Dataset items:
Lemma decomposition_exists (D : R -> R) :
  fin_gen A ->
  (forall d, derA d -> exists y dM, M dM /\ forall a, d a = ad y a + dM a) ->
  derR D ->
  exists (x : R) (N : R -> R) (z : 'I_m -> R),
    [/\ in_Mbar M N, forall j, central (z j)
      & forall p, D p = ad x p + N p + \sum_(j < m) z j * p^`M(j)].
Proof.
move=> fgA decA dD; have [S uS S0] := der_coef_finite fgA dD.
have /functional_choice[yN yNE] : forall k, exists yN : A * (A -> A),
    M yN.2 /\ forall a, der_coef D k a = ad yN.1 a + yN.2 a.
  move=> k; have [y [dM DE]] := decA _ (is_der_coef k dD).
  by exists (y, dM).
pose x : R := \sum_(k <- S) (yN k).1 *: 'X_[k].
pose N (p : R) := \sum_(k <- S) 'X_[k] * bar_der (yN k).2 p.
have MN : in_Mbar M N by apply: in_Mbar_monomials => k; case: (yNE k).
have cz j : central (D 'X_j) by apply: central_derX.
exists x, N, (fun j => D 'X_j); split=> //.
apply: der_mpoly_ext => // [|c|j]; first exact: is_der_decomposition.
  have NC : N c%:MP = \sum_(k <- S) (yN k).2 c *: 'X_[k].
    apply: eq_bigr => k _; have dd := M_der (yNE k).1.
    by rewrite bar_derC ?(der0 dd) // -(commr_mpolyX _ (_%:MP)) mul_mpolyC.
  apply/mpolyP => k.
  rewrite sum_mderivC addr0 mcoeffD mcoeff_adC NC !mcoeff_sumX //.
  case: ifP => [_|/negbT kS]; first exact: (yNE k).2.
  by rewrite -[LHS]/(der_coef D k c) S0 // /ad mul0r mulr0 subrr addr0.
by rewrite adX (in_Mbar_X _ MN) sum_mderivX !add0r.
Qed.

End ExtendedSubmodule.

Theorem theorem2p1 (K : fieldType) (A : algType K) (m : nat)
  (charK0 : [pchar K] =i pred0) :
  (forall p : {mpoly A[m]},
      central p <-> (forall mn : 'X_{1..m}, central (p@_mn))) /\
  (forall M : (A -> A) -> Prop,
     fin_gen A ->
     (forall D, M D -> is_der (@scA K A) D) ->
     M (fun _ => 0) ->
     (forall D1 D2, M D1 -> M D2 -> M (fun a => D1 a + D2 a)) ->
     (forall z D, central z -> M D -> M (fun a => z * D a)) ->
     (forall D : A -> A,
        is_der (@scA K A) D <->
        exists x N, M N /\ forall a, D a = ad x a + N a) ->
     (forall x, M (ad x) -> forall a, ad x a = 0) ->
     (forall D : {mpoly A[m]} -> {mpoly A[m]},
        is_der (@scR K A m) D <->
        exists (x : {mpoly A[m]}) N (z : 'I_m -> {mpoly A[m]}),
          [/\ in_Mbar M N, forall j, central (z j)
            & forall p, D p = ad x p + N p + \sum_(j < m) z j * p^`M(j)]) /\
     (forall (x : {mpoly A[m]}) N (z : 'I_m -> {mpoly A[m]}),
        in_Mbar M N -> (forall j, central (z j)) ->
        (forall p, ad x p + N p + \sum_(j < m) z j * p^`M(j) = 0) ->
        [/\ forall p, ad x p = 0, forall p, N p = 0
          & forall j p, z j * p^`M(j) = 0])).
Proof.
split=> [p|M fgA M_der M0 MD MZ decA innM]; first exact: centralP.
split=> [D|x N z MN _]; last first.
  exact: (decomposition_unique M_der M0 MD MZ innM MN).
split=> [|[x [N [z [MN cz DE]]]]].
  by apply: decomposition_exists => // d /decA.
by apply: is_der_eq (fun p => esym (DE p)) (is_der_decomposition M_der x MN cz).
Qed.
(* Let $F$ be a posheaf on a locale $X$. The following are equivalent: (1) $F$ is complete. (2) For every downsheaf $S$ of $F$, $\bigvee S$ exists and extends to a global point $p\in F(1_X)$ (i.e. $p|_{\mathrm{dom}(\bigvee S)}=\bigvee S$) such that for each $u\in\mathcal{O}(X)$, $p|_u$ is the least element $z$ of $F(u)$ satisfying $S^u\subseteq\downarrow z$. (3) For every subsheaf $S$ of $F$, $\bigvee S$ exists and extends to a global point $p\in F(1_X)$ such that for each $u\in\mathcal{O}(X)$, $p|_u$ is the least element $z$ of $F(u)$ satisfying $S^u\subseteq\downarrow z$. (4) Every $F(u)$ is a complete lattice, and for all $v\le u$ the restriction map $F(u)\to F(v)$ is surjective and has both a left adjoint and a right adjoint.
   Context: Let $X$ be a locale with frame of opens $\mathcal{O}(X)$ and top element $1_X$. A posheaf on $X$ is a sheaf of sets $F$ with (POS1) each $F(u)$ a poset; (POS2) restriction maps $F(u)\to F(v)$, $x\mapsto x|_v$ ($v\le u$), order-preserving; (POS3) if $u=\bigvee_i u_i$ and $s,t\in F(u)$ satisfy $s|_{u_i}\le t|_{u_i}$ for all $i$, then $s\le t$. A point of $F$ is a morphism $p:\hat1\to F$ with $\hat1$ a subsheaf of the terminal sheaf; $\mathrm{dom}(p)$ is the largest open $u$ with $\hat1(u)\neq\emptyset$; a point is identified with an element of $F(\mathrm{dom}(p))$; a global point is one with domain $1_X$. Points are ordered by $p_1\le p_2$ iff $\mathrm{dom}(p_1)\le\mathrm{dom}(p_2)$ and $p_1\le p_2|_{\mathrm{dom}(p_1)}$. For a subsheaf $A$ of $F$, a point $x$ is an upper bound of $A$ if $y\le x$ for all points $y$ of $A$, and $\bigvee A$ is the least upper bound. For $u\in\mathcal{O}(X)$, $F^u$ is the restriction of $F$ to $\downarrow u$ (regarded also as a subsheaf of $F$), and for a subsheaf $S$, $S^u$ is its restriction to $\downarrow u$. A downsheaf of $F$ is a subsheaf $G$ with each $G(v)$ a down-set of $F(v)$. For $z\in F(u)$, $\downarrow z$ is the downsheaf of $F^u$ with $(\downarrow z)(v)=\{y\in F(v)\mid y\le z|_v\}$ for $v\le u$. $\mathbb{D}F$ is the sheaf with $\mathbb{D}F(u)$ = the set of downsheaves of $F^u$, restriction $S\mapsto S^v$, ordered by inclusion, and $\downarrow:F\to\mathbb{D}F$, $z\mapsto\downarrow z$ is the principal ideal embedding. For order-preserving morphisms of posheaves $\alpha:F\to G$, $\beta:G\to F$, $\alpha\dashv\beta$ means $\alpha x\le y\iff x\le\beta y$ for all points $x$ of $F$, $y$ of $G$. $F$ is complete if the principal ideal embedding $\downarrow:F\to\mathbb{D}F$ has a left adjoint. *)

Set Implicit Arguments.
Unset Strict Implicit.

-- Task item --
All of the records above should be copied exactly.

-- Task result --
Lemma decomposition_exists (D : R -> R) :
  fin_gen A ->
  (forall d, derA d -> exists y dM, M dM /\ forall a, d a = ad y a + dM a) ->
  derR D ->
  exists (x : R) (N : R -> R) (z : 'I_m -> R),
    [/\ in_Mbar M N, forall j, central (z j)
      & forall p, D p = ad x p + N p + \sum_(j < m) z j * p^`M(j)].
Proof.
move=> fgA decA dD; have [S uS S0] := der_coef_finite fgA dD.
have /functional_choice[yN yNE] : forall k, exists yN : A * (A -> A),
    M yN.2 /\ forall a, der_coef D k a = ad yN.1 a + yN.2 a.
  move=> k; have [y [dM DE]] := decA _ (is_der_coef k dD).
  by exists (y, dM).
pose x : R := \sum_(k <- S) (yN k).1 *: 'X_[k].
pose N (p : R) := \sum_(k <- S) 'X_[k] * bar_der (yN k).2 p.
have MN : in_Mbar M N by apply: in_Mbar_monomials => k; case: (yNE k).
have cz j : central (D 'X_j) by apply: central_derX.
exists x, N, (fun j => D 'X_j); split=> //.
apply: der_mpoly_ext => // [|c|j]; first exact: is_der_decomposition.
  have NC : N c%:MP = \sum_(k <- S) (yN k).2 c *: 'X_[k].
    apply: eq_bigr => k _; have dd := M_der (yNE k).1.
    by rewrite bar_derC ?(der0 dd) // -(commr_mpolyX _ (_%:MP)) mul_mpolyC.
  apply/mpolyP => k.
  rewrite sum_mderivC addr0 mcoeffD mcoeff_adC NC !mcoeff_sumX //.
  case: ifP => [_|/negbT kS]; first exact: (yNE k).2.
  by rewrite -[LHS]/(der_coef D k c) S0 // /ad mul0r mulr0 subrr addr0.
by rewrite adX (in_Mbar_X _ MN) sum_mderivX !add0r.
Qed.

End ExtendedSubmodule.

Theorem theorem2p1 (K : fieldType) (A : algType K) (m : nat)
  (charK0 : [pchar K] =i pred0) :
  (forall p : {mpoly A[m]},
      central p <-> (forall mn : 'X_{1..m}, central (p@_mn))) /\
  (forall M : (A -> A) -> Prop,
     fin_gen A ->
     (forall D, M D -> is_der (@scA K A) D) ->
     M (fun _ => 0) ->
     (forall D1 D2, M D1 -> M D2 -> M (fun a => D1 a + D2 a)) ->
     (forall z D, central z -> M D -> M (fun a => z * D a)) ->
     (forall D : A -> A,
        is_der (@scA K A) D <->
        exists x N, M N /\ forall a, D a = ad x a + N a) ->
     (forall x, M (ad x) -> forall a, ad x a = 0) ->
     (forall D : {mpoly A[m]} -> {mpoly A[m]},
        is_der (@scR K A m) D <->
        exists (x : {mpoly A[m]}) N (z : 'I_m -> {mpoly A[m]}),
          [/\ in_Mbar M N, forall j, central (z j)
            & forall p, D p = ad x p + N p + \sum_(j < m) z j * p^`M(j)]) /\
     (forall (x : {mpoly A[m]}) N (z : 'I_m -> {mpoly A[m]}),
        in_Mbar M N -> (forall j, central (z j)) ->
        (forall p, ad x p + N p + \sum_(j < m) z j * p^`M(j) = 0) ->
        [/\ forall p, ad x p = 0, forall p, N p = 0
          & forall j p, z j * p^`M(j) = 0])).
Proof.
split=> [p|M fgA M_der M0 MD MZ decA innM]; first exact: centralP.
split=> [D|x N z MN _]; last first.
  exact: (decomposition_unique M_der M0 MD MZ innM MN).
split=> [|[x [N [z [MN cz DE]]]]].
  by apply: decomposition_exists => // d /decA.
by apply: is_der_eq (fun p => esym (DE p)) (is_der_decomposition M_der x MN cz).
Qed.
(* Let $F$ be a posheaf on a locale $X$. The following are equivalent: (1) $F$ is complete. (2) For every downsheaf $S$ of $F$, $\bigvee S$ exists and extends to a global point $p\in F(1_X)$ (i.e. $p|_{\mathrm{dom}(\bigvee S)}=\bigvee S$) such that for each $u\in\mathcal{O}(X)$, $p|_u$ is the least element $z$ of $F(u)$ satisfying $S^u\subseteq\downarrow z$. (3) For every subsheaf $S$ of $F$, $\bigvee S$ exists and extends to a global point $p\in F(1_X)$ such that for each $u\in\mathcal{O}(X)$, $p|_u$ is the least element $z$ of $F(u)$ satisfying $S^u\subseteq\downarrow z$. (4) Every $F(u)$ is a complete lattice, and for all $v\le u$ the restriction map $F(u)\to F(v)$ is surjective and has both a left adjoint and a right adjoint.
   Context: Let $X$ be a locale with frame of opens $\mathcal{O}(X)$ and top element $1_X$. A posheaf on $X$ is a sheaf of sets $F$ with (POS1) each $F(u)$ a poset; (POS2) restriction maps $F(u)\to F(v)$, $x\mapsto x|_v$ ($v\le u$), order-preserving; (POS3) if $u=\bigvee_i u_i$ and $s,t\in F(u)$ satisfy $s|_{u_i}\le t|_{u_i}$ for all $i$, then $s\le t$. A point of $F$ is a morphism $p:\hat1\to F$ with $\hat1$ a subsheaf of the terminal sheaf; $\mathrm{dom}(p)$ is the largest open $u$ with $\hat1(u)\neq\emptyset$; a point is identified with an element of $F(\mathrm{dom}(p))$; a global point is one with domain $1_X$. Points are ordered by $p_1\le p_2$ iff $\mathrm{dom}(p_1)\le\mathrm{dom}(p_2)$ and $p_1\le p_2|_{\mathrm{dom}(p_1)}$. For a subsheaf $A$ of $F$, a point $x$ is an upper bound of $A$ if $y\le x$ for all points $y$ of $A$, and $\bigvee A$ is the least upper bound. For $u\in\mathcal{O}(X)$, $F^u$ is the restriction of $F$ to $\downarrow u$ (regarded also as a subsheaf of $F$), and for a subsheaf $S$, $S^u$ is its restriction to $\downarrow u$. A downsheaf of $F$ is a subsheaf $G$ with each $G(v)$ a down-set of $F(v)$. For $z\in F(u)$, $\downarrow z$ is the downsheaf of $F^u$ with $(\downarrow z)(v)=\{y\in F(v)\mid y\le z|_v\}$ for $v\le u$. $\mathbb{D}F$ is the sheaf with $\mathbb{D}F(u)$ = the set of downsheaves of $F^u$, restriction $S\mapsto S^v$, ordered by inclusion, and $\downarrow:F\to\mathbb{D}F$, $z\mapsto\downarrow z$ is the principal ideal embedding. For order-preserving morphisms of posheaves $\alpha:F\to G$, $\beta:G\to F$, $\alpha\dashv\beta$ means $\alpha x\le y\iff x\le\beta y$ for all points $x$ of $F$, $y$ of $G$. $F$ is complete if the principal ideal embedding $\downarrow:F\to\mathbb{D}F$ has a left adjoint. *)

Set Implicit Arguments.
Unset Strict Implicit.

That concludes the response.